Le premier ministre François Legault a interpellé son homologue manitobain, Brian Pallister, tandis que le chef intérimaire péquiste Pascal Bérubé a publié une lettre ouverte dans un quotidien de Calgary pour faire la leçon au gouvernement albertain.

Laïcité: la CAQ et le PQ répliquent aux autres provinces

La table est mise pour la rencontre des premiers ministres de lundi prochain à Toronto: le gouvernement caquiste et les partis d'opposition ont riposté jeudi aux attaques des autres provinces visant le Québec.

Le premier ministre François Legault a interpellé son homologue manitobain, Brian Pallister, tandis que le chef intérimaire péquiste Pascal Bérubé a publié une lettre ouverte dans un quotidien de Calgary pour faire la leçon au gouvernement albertain.

Le Manitoba a en effet ajouté sa voix à celle de l'Ontario, dont l'Assemblée législative a condamné cette semaine la Loi sur la laïcité de l'État. Ce débat délicat pourrait susciter des tensions lors du sommet des premiers ministres à Toronto lundi.

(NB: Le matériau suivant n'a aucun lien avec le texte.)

(* Let $a,b,c\in\mathbb{R}$ be such that $$B=\begin{pmatrix}1&a&b\\ a&1&c\\ b&c&1\end{pmatrix}$$ is positive semidefinite. Let $\mathbb{I}\subseteq[0,\infty)$ be an interval and $f:\mathbb{I}\to[-1,1]$ a strictly decreasing function with range $[-1,1]$ satisfying $f(p+q)=f(p)f(q)-\sqrt{1-f(p)^2}\sqrt{1-f(q)^2}$ whenever $p,q,p+q\in\mathbb{I}$. Let $g:[0,\infty)\to[0,\infty)$ be metric-preserving and set $h=g\circ f^{-1}$. Then $$h(a)\le h(b)+h(c).$$ Consequently, for every real $k\ge2$, $$\sqrt[k]{1-|a|^k}\le\sqrt[k]{1-|b|^k}+\sqrt[k]{1-|c|^k}.$$
   Context: A function $g:[0,\infty)\to[0,\infty)$ is metric-preserving if for every metric space $(M,d)$, the function $g\circ d$ is again a metric on $M$. *)

From Stdlib Require Import Reals.
Open Scope R_scope.

(* B = [[1,a,b],[a,1,c],[b,c,1]] is positive semidefinite:
   v^T B v >= 0 for every v = (x,y,z) in R^3. *)
Definition psd3 (a b c : R) : Prop :=
  forall x y z : R,
    0 <= x*x + y*y + z*z + 2*a*x*y + 2*b*x*z + 2*c*y*z.

Definition interval_in_nonneg (I : R -> Prop) : Prop :=
  (forall x, I x -> 0 <= x) /\
  (forall x y z, I x -> I z -> x <= y -> y <= z -> I y).

Definition is_metric (M : Type) (d : M -> M -> R) : Prop :=
  (forall x y, 0 <= d x y) /\
  (forall x y, d x y = 0 <-> x = y) /\
  (forall x y, d x y = d y x) /\
  (forall x y z, d x z <= d x y + d y z).

Definition metric_preserving (g : R -> R) : Prop :=
  (forall x, 0 <= x -> 0 <= g x) /\
  (forall (M : Type) (d : M -> M -> R), is_metric M d -> is_metric M (fun x y => g (d x y))).

(* x^y for x >= 0, y > 0 real, with the convention 0^y = 0
   (Stdlib's Rpower 0 y = 1, so we guard it). *)
Definition rpow (x y : R) : R :=
  if Rlt_dec 0 x then Rpower x y else 0.

(* Positive semidefiniteness of B makes a, b, c the cosines of the angles between three unit
   vectors, which yields a >= b c - sqrt(1 - b^2) sqrt(1 - c^2) and its permutations.  Since f
   behaves like a decreasing cosine, its addition formula turns these into the triangle
   inequalities for f^-1(a), f^-1(b), f^-1(c), and a metric-preserving g keeps any triangle
   inequality (realise the three numbers as the distances of a three-point space).

   For the second claim pass to sines s = sqrt(1 - t^2): the angle inequality becomes
   s_a <= s_b + s_c, and psi(s) = (1 - (1 - s^2)^(k/2))^(1/k) is nondecreasing with psi(s)/s
   nonincreasing (by convexity of x |-> x^(k/2)), hence subadditive on [0,1]. *)

From Stdlib Require Import Reals Lra Psatz.
Open Scope R_scope.

Lemma psd3_swap_bc a b c : psd3 a b c -> psd3 a c b.
Proof. intros H x y z. specialize (H y x z). lra. Qed.

Lemma psd3_swap_ab a b c : psd3 a b c -> psd3 b a c.
Proof. intros H x y z. specialize (H x z y). lra. Qed.

Lemma psd3_opp_ab a b c : psd3 a b c -> psd3 (-a) (-b) c.
Proof. intros H x y z. specialize (H (-x) y z). lra. Qed.

Lemma psd3_abs_le1 a b c : psd3 a b c -> Rabs a <= 1 /\ Rabs b <= 1 /\ Rabs c <= 1.
Proof.
  intros H.
  pose proof (H 1 (-a) 0). pose proof (H 1 0 (-b)). pose proof (H 0 1 (-c)).
  pose proof (pow2_abs a). pose proof (pow2_abs b). pose proof (pow2_abs c).
  pose proof (Rabs_pos a). pose proof (Rabs_pos b). pose proof (Rabs_pos c).
  repeat split; nra.
Qed.

Lemma psd2_offdiag_ge A C D :
  (forall x y, 0 <= A*x*x + C*y*y + 2*D*x*y) -> - (sqrt A * sqrt C) <= D.
Proof.
  intros H.
  assert (hA : 0 <= A) by (specialize (H 1 0); lra).
  assert (hC : 0 <= C) by (specialize (H 0 1); lra).
  pose proof (sqrt_sqrt A hA). pose proof (sqrt_sqrt C hC).
  pose proof (sqrt_pos A). pose proof (sqrt_pos C).
  destruct (Req_dec (sqrt A) 0) as [zA|nA].
  - assert (A = 0) by nra. subst A.
    specialize (H (C+1) (-D)). assert (D = 0) by nra. rewrite zA. lra.
  - destruct (Req_dec (sqrt C) 0) as [zC|nC].
    + assert (C = 0) by nra. subst C.
      specialize (H (-D) (A+1)). assert (D = 0) by nra. rewrite zC. lra.
    + specialize (H (sqrt C) (sqrt A)).
      assert (0 < sqrt A * sqrt C) by (apply Rmult_lt_0_compat; lra).
      nra.
Qed.

(* Restricting the form to z = -(b x + c y) leaves the 2x2 form with off-diagonal entry a - b c. *)
Lemma psd3_cos_angle_ge a b c :
  psd3 a b c -> b*c - sqrt (1 - b^2) * sqrt (1 - c^2) <= a.
Proof.
  intros H.
  assert (H2 : forall x y, 0 <= (1 - b^2)*x*x + (1 - c^2)*y*y + 2*(a - b*c)*x*y).
  { intros x y. specialize (H x y (-(b*x + c*y))). lra. }
  pose proof (psd2_offdiag_ge _ _ _ H2). lra.
Qed.

Lemma psd3_abs_cos_angle_ge a b c : psd3 a b c ->
  Rabs b * Rabs c - sqrt (1 - Rabs b ^ 2) * sqrt (1 - Rabs c ^ 2) <= Rabs a.
Proof.
  intros H. rewrite !pow2_abs, <- Rabs_mult.
  pose proof (Rle_abs a). pose proof (Rle_abs (-a)). rewrite Rabs_Ropp in *.
  destruct (Rle_lt_dec 0 (b*c)).
  - rewrite Rabs_right by lra. pose proof (psd3_cos_angle_ge a b c H). lra.
  - rewrite Rabs_left by lra. pose proof (psd3_cos_angle_ge _ _ _ (psd3_opp_ab a b c H)).
    replace ((-b)^2) with (b^2) in * by ring. lra.
Qed.

Lemma metric_preserving_0 g : metric_preserving g -> g 0 = 0.
Proof.
  intros [_ Hg].
  assert (Hd : is_metric unit (fun _ _ => 0)).
  { repeat split; intros; try destruct x, y; try lra; reflexivity. }
  destruct (Hg unit _ Hd) as [_ [H0 _]]. apply (H0 tt tt). reflexivity.
Qed.

Inductive vertex3 := V1 | V2 | V3.

Lemma metric_preserving_triangle g x y z : metric_preserving g ->
  0 <= x -> 0 <= y -> 0 <= z -> x <= y + z -> y <= x + z -> z <= x + y ->
  g x <= g y + g z.
Proof.
  intros Hg hx hy hz t1 t2 t3.
  pose proof (metric_preserving_0 g Hg) as G0. destruct Hg as [Gnn Hg].
  destruct (Req_dec x 0) as [->|nx].
  { rewrite G0. pose proof (Gnn y hy). pose proof (Gnn z hz). lra. }
  (* a vanishing side forces the other two to coincide; otherwise x, y, z are the
     side lengths of a genuine three-point metric space *)
  destruct (Req_dec y 0) as [->|ny]. { replace z with x by lra. rewrite G0. lra. }
  destruct (Req_dec z 0) as [->|nz]. { replace y with x by lra. rewrite G0. lra. }
  pose (d := fun p q : vertex3 => match p, q with
     | V1, V2 | V2, V1 => x | V1, V3 | V3, V1 => y | V2, V3 | V3, V2 => z | _, _ => 0 end).
  assert (Hd : is_metric vertex3 d).
  { split; [|split; [|split]].
    - intros [] []; simpl; lra.
    - intros [] []; simpl; split; intro; try congruence; lra.
    - intros [] []; reflexivity.
    - intros [] [] []; simpl; lra. }
  destruct (Hg vertex3 d Hd) as [_ [_ [_ Htri]]].
  exact (Htri V1 V3 V2).
Qed.

Section Decreasing_addition_formula.

Variables (I : R -> Prop) (f : R -> R).
Hypothesis I_interval : interval_in_nonneg I.
Hypothesis f_decr : forall p q, I p -> I q -> p < q -> f q < f p.
Hypothesis f_add : forall p q, I p -> I q -> I (p + q) ->
  f (p + q) = f p * f q - sqrt (1 - f p ^ 2) * sqrt (1 - f q ^ 2).

Lemma le_add_of_cos_angle_le p q r : I p -> I q -> I r ->
  f q * f r - sqrt (1 - f q ^ 2) * sqrt (1 - f r ^ 2) <= f p -> p <= q + r.
Proof.
  intros Ip Iq Ir Hle. apply Rnot_lt_le; intro Hlt.
  destruct I_interval as [I_nonneg I_convex].
  pose proof (I_nonneg r Ir).
  assert (Iqr : I (q + r)) by (apply (I_convex q _ p); auto; lra).
  pose proof (f_decr _ _ Iqr Ip Hlt). rewrite (f_add q r) in * by assumption. lra.
Qed.

Lemma psd3_inv_triangle pa pb pc : I pa -> I pb -> I pc ->
  psd3 (f pa) (f pb) (f pc) ->
  pa <= pb + pc /\ pb <= pa + pc /\ pc <= pa + pb.
Proof.
  intros Ia Ib Ic H. repeat split; apply le_add_of_cos_angle_le; auto.
  - exact (psd3_cos_angle_ge _ _ _ H).
  - exact (psd3_cos_angle_ge _ _ _ (psd3_swap_ab _ _ _ H)).
  - exact (psd3_cos_angle_ge _ _ _ (psd3_swap_ab _ _ _ (psd3_swap_bc _ _ _ H))).
Qed.

End Decreasing_addition_formula.

Lemma rpow_0_l e : rpow 0 e = 0.
Proof. unfold rpow. destruct (Rlt_dec 0 0); lra. Qed.

Lemma rpow_pos x e : 0 < x -> rpow x e = Rpower x e.
Proof. intro h. unfold rpow. destruct (Rlt_dec 0 x); lra. Qed.

Lemma rpow_ge0 x e : 0 <= rpow x e.
Proof. unfold rpow, Rpower. destruct (Rlt_dec 0 x); [left; apply exp_pos | lra]. Qed.

Lemma rpow_1_l e : rpow 1 e = 1.
Proof. rewrite rpow_pos by lra. unfold Rpower. rewrite ln_1, Rmult_0_r. apply exp_0. Qed.

Lemma rpow_1_r x : 0 <= x -> rpow x 1 = x.
Proof.
  intros hx. destruct (Req_dec x 0) as [->|nx]; [apply rpow_0_l|].
  rewrite rpow_pos by lra. apply Rpower_1; lra.
Qed.

Lemma rpow_le_compat x y e : 0 <= x <= y -> 0 <= e -> rpow x e <= rpow y e.
Proof.
  intros hxy he. destruct (Req_dec x 0) as [->|nx].
  - rewrite rpow_0_l. apply rpow_ge0.
  - rewrite !rpow_pos by lra. apply Rle_Rpower_l; lra.
Qed.

Lemma rpow_lt_compat x y e : 0 <= x < y -> 0 < e -> rpow x e < rpow y e.
Proof.
  intros hxy he. destruct (Req_dec x 0) as [->|nx].
  - rewrite rpow_0_l, rpow_pos by lra. apply exp_pos.
  - rewrite !rpow_pos by lra. apply Rlt_Rpower_l; lra.
Qed.

Lemma rpow_le_reg x y e : 0 <= x -> 0 <= y -> 0 < e -> rpow x e <= rpow y e -> x <= y.
Proof.
  intros hx hy he h. apply Rnot_lt_le; intro hyx.
  pose proof (rpow_lt_compat y x e (conj hy hyx) he). lra.
Qed.

Lemma rpow_le_1 x e : 0 <= x <= 1 -> 0 <= e -> rpow x e <= 1.
Proof. intros hx he. rewrite <- (rpow_1_l e). apply rpow_le_compat; lra. Qed.

Lemma rpow_mult_distr x y e : 0 <= x -> 0 <= y -> rpow (x*y) e = rpow x e * rpow y e.
Proof.
  intros hx hy. destruct (Req_dec x 0) as [->|nx]. { rewrite Rmult_0_l, !rpow_0_l. ring. }
  destruct (Req_dec y 0) as [->|ny]. { rewrite Rmult_0_r, !rpow_0_l. ring. }
  rewrite !rpow_pos by nra. symmetry; apply Rpower_mult_distr; lra.
Qed.

Lemma rpow_mult x e1 e2 : 0 <= x -> rpow (rpow x e1) e2 = rpow x (e1*e2).
Proof.
  intros hx. destruct (Req_dec x 0) as [->|nx]. { rewrite !rpow_0_l. reflexivity. }
  rewrite (rpow_pos x), rpow_pos, rpow_pos by (try apply exp_pos; lra).
  apply Rpower_mult.
Qed.

Lemma rpow_sqr x e : 0 <= x -> rpow (x^2) (e/2) = rpow x e.
Proof.
  intros hx. destruct (Req_dec x 0) as [->|nx]. { rewrite pow_i, !rpow_0_l by lia. reflexivity. }
  rewrite !rpow_pos by nra. unfold Rpower.
  rewrite ln_pow by lra. f_equal. simpl. field.
Qed.

Lemma rpow_le_self x p : 0 <= x <= 1 -> 1 <= p -> rpow x p <= x.
Proof.
  intros hx hp. destruct (Req_dec x 0) as [->|nx]; [rewrite rpow_0_l; lra|].
  rewrite rpow_pos by lra. replace p with (1 + (p - 1)) by ring.
  rewrite Rpower_plus, Rpower_1 by lra.
  assert (hle : Rpower x (p - 1) <= Rpower 1 (p - 1)) by (apply Rle_Rpower_l; lra).
  rewrite <- (rpow_pos 1), rpow_1_l in hle by lra.
  nra.
Qed.

Lemma rpow_bernoulli x p : 0 <= x -> 1 <= p -> 1 + p*(x - 1) <= rpow x p.
Proof.
  intros hx hp. destruct (Req_dec x 0) as [->|nx]. { rewrite rpow_0_l. lra. }
  assert (ln_le : forall z, 0 < z -> ln z <= z - 1).
  { intros z hz. pose proof (exp_ineq1_le (ln z)). rewrite exp_ln in * by lra. lra. }
  rewrite rpow_pos by lra. set (y := Rpower x p).
  assert (hy : 0 < y) by apply exp_pos.
  (* ln z <= z - 1 at z = y/x and at z = 1/x; combine and multiply by x *)
  pose proof (ln_le (y / x) ltac:(apply Rdiv_lt_0_compat; lra)) as h1.
  pose proof (ln_le (/ x) ltac:(apply Rinv_0_lt_compat; lra)) as h2.
  unfold Rdiv in h1. rewrite ln_mult in h1 by (try apply Rinv_0_lt_compat; lra).
  rewrite ln_Rinv in h1, h2 by lra. rewrite (ln_Rpower x p : ln y = p * ln x) in h1.
  assert (h3 : (p - 1) * (- ln x) <= (p - 1) * (/ x - 1)) by (apply Rmult_le_compat_l; lra).
  assert (h4 : 0 <= x * (y * / x - 1 + (p - 1) * (/ x - 1))) by (apply Rmult_le_pos; lra).
  replace (x * (y * / x - 1 + (p - 1) * (/ x - 1))) with (y - x + (p - 1) - (p - 1) * x) in h4
    by (field; lra).
  lra.
Qed.

Lemma rpow_tangent_le c w p : 0 < c -> 0 <= w -> 1 <= p ->
  rpow c p + p * (rpow c p / c) * (w - c) <= rpow w p.
Proof.
  intros hc hw hp.
  assert (hwc : 0 <= w / c) by (apply Rle_mult_inv_pos; lra).
  replace w with (c * (w / c)) at 2 by (field; lra).
  rewrite rpow_mult_distr by lra.
  pose proof (rpow_bernoulli (w / c) p hwc hp).
  pose proof (rpow_ge0 c p).
  replace (rpow c p + p * (rpow c p / c) * (w - c))
    with (rpow c p * (1 + p * (w / c - 1))) by (field; lra).
  apply Rmult_le_compat_l; lra.
Qed.

Lemma rpow_convex_1 z l p : 0 <= z -> 0 <= l <= 1 -> 1 <= p ->
  rpow (1 - l + l*z) p <= 1 - l + l * rpow z p.
Proof.
  intros hz hl hp. set (c := 1 - l + l*z).
  assert (hc : 0 <= c) by (unfold c; nra).
  destruct (Req_dec c 0) as [E|nc]. { rewrite E, rpow_0_l. pose proof (rpow_ge0 z p). nra. }
  pose proof (rpow_tangent_le c 1 p ltac:(lra) ltac:(lra) hp) as t1.
  pose proof (rpow_tangent_le c z p ltac:(lra) hz hp) as t2.
  rewrite rpow_1_l in t1.
  set (C := rpow c p) in *. set (K := p * (C / c)) in *.
  assert (e1 : (1 - l) * (C + K * (1 - c)) <= (1 - l) * 1) by (apply Rmult_le_compat_l; lra).
  assert (e2 : l * (C + K * (z - c)) <= l * rpow z p) by (apply Rmult_le_compat_l; lra).
  assert (E : (1 - l) * (C + K * (1 - c)) + l * (C + K * (z - c)) = C) by (unfold c; ring).
  lra.
Qed.

(* (1 - (1 - x)^p) / x^p is nonincreasing on (0, 1]: write 1 - x as the convex combination
   of 1 and 1 - y with weight x/y. *)
Lemma rpow_compl_cross_le x y p : 0 < x -> x <= y -> y <= 1 -> 1 <= p ->
  rpow x p * (1 - rpow (1 - y) p) <= rpow y p * (1 - rpow (1 - x) p).
Proof.
  intros hx hxy hy hp. set (l := x / y).
  assert (hl : 0 <= l <= 1).
  { unfold l; split; [apply Rle_mult_inv_pos; lra|].
    apply (Rmult_le_reg_r y); [lra|]. unfold Rdiv. rewrite Rmult_assoc, Rinv_l; lra. }
  assert (Ex : x = l * y) by (unfold l; field; lra).
  pose proof (rpow_convex_1 (1 - y) l p ltac:(lra) hl hp) as hconv.
  replace (1 - l + l * (1 - y)) with (1 - x) in hconv by lra.
  assert (hpow : rpow x p <= l * rpow y p).
  { rewrite Ex, rpow_mult_distr by lra. pose proof (rpow_le_self l p hl hp).
    pose proof (rpow_ge0 y p). nra. }
  pose proof (rpow_le_1 (1 - y) p ltac:(lra) ltac:(lra)).
  pose proof (rpow_ge0 y p).
  nra.
Qed.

M. Legault a répondu au Manitoba, qui a acheté des publicités dans deux quotidiens jeudi pour condamner la loi sur la laïcité et inviter les enseignants qui se sentent lésés à déménager là-bas. La pub s'intitule «21 raisons pour déménager au Manitoba», reprenant donc le numéro du projet de loi sur la laïcité.

«M. Pallister aurait été mieux de mettre cet argent pour donner plus de services en français au Manitoba», a dit le premier ministre du Québec en mêlée de presse jeudi matin au parlement.

En entrevue avec Radio-Canada, M. Pallister a justifié son intervention dans le débat. Il estime que les libertés religieuses sont un enjeu canadien et qu'elles sont menacées par la loi caquiste.

Pour sa part, la ministre des Relations canadiennes, Sonia LeBel, a dit qu'elle n'allait pas embarquer dans cette «escalade», mais a recommandé aux provinces de s'occuper de leurs propres champs de compétence.

Queen's Park, à Toronto, a condamné à l'unanimité la loi sur la laïcité plus tôt cette semaine, mais le premier ministre Doug Ford a dit qu'il n'allait pas aborder cet enjeu avec M. Legault, qui le reçoit à Montréal vendredi.

L'opposition officielle libérale, qui est contre la loi, estime pour sa part que la réaction des autres provinces était prévisible. «C'est normal de voir les provinces essayer d'attirer les talents», a commenté la députée libérale Marwah Rizqy.

Le leader parlementaire de Québec solidaire (QS), Gabriel Nadeau-Dubois, a quant à lui soutenu que ce ne sera pas au Manitoba à trancher ce débat, mais bien aux Québécois.

«Ces gue-guerres ne font rien avancer, surtout pas le débat sur la laïcité entre Québécois», a-t-il affirmé en mêlée de presse. Cependant, il reconnaît du même souffle que la campagne manitobaine favorise ses adversaires, le gouvernement caquiste et le Parti québécois, qui tirent profit du clivage Québec-Canada.

De son côté, le chef intérimaire péquiste, Pascal Bérubé, a soutenu que le coup de pub du Manitoba était «opportuniste» et a prédit qu'il ne fonctionnera pas.

«Je suis pas mal sûr que le Québec est pas mal plus attrayant que le Manitoba», a-t-il lancé.

Dans le même registre, M. Bérubé a publié une lettre ouverte dans le quotidien Calgary Herald, en Alberta. Il affirme que cette province a fait des choix mal avisés dans les dernières décennies et n'a qu'elle à blâmer, et non le Québec.

M. Bérubé a tenu à corriger la perception voulant que ce sont les Albertains qui paient pour les programmes sociaux du Québec, alors que les versements de péréquation proviennent des revenus du fédéral tirés de toutes les provinces.

«La mauvaise gestion financière de l'Alberta a été camouflée par les prix élevés du pétrole, peut-on lire. Les Albertains doivent comprendre que leurs leaders les ont laissés tomber. Le premier ministre (Jason) Kenney doit cesser de blâmer les autres et en prendre la responsabilité.»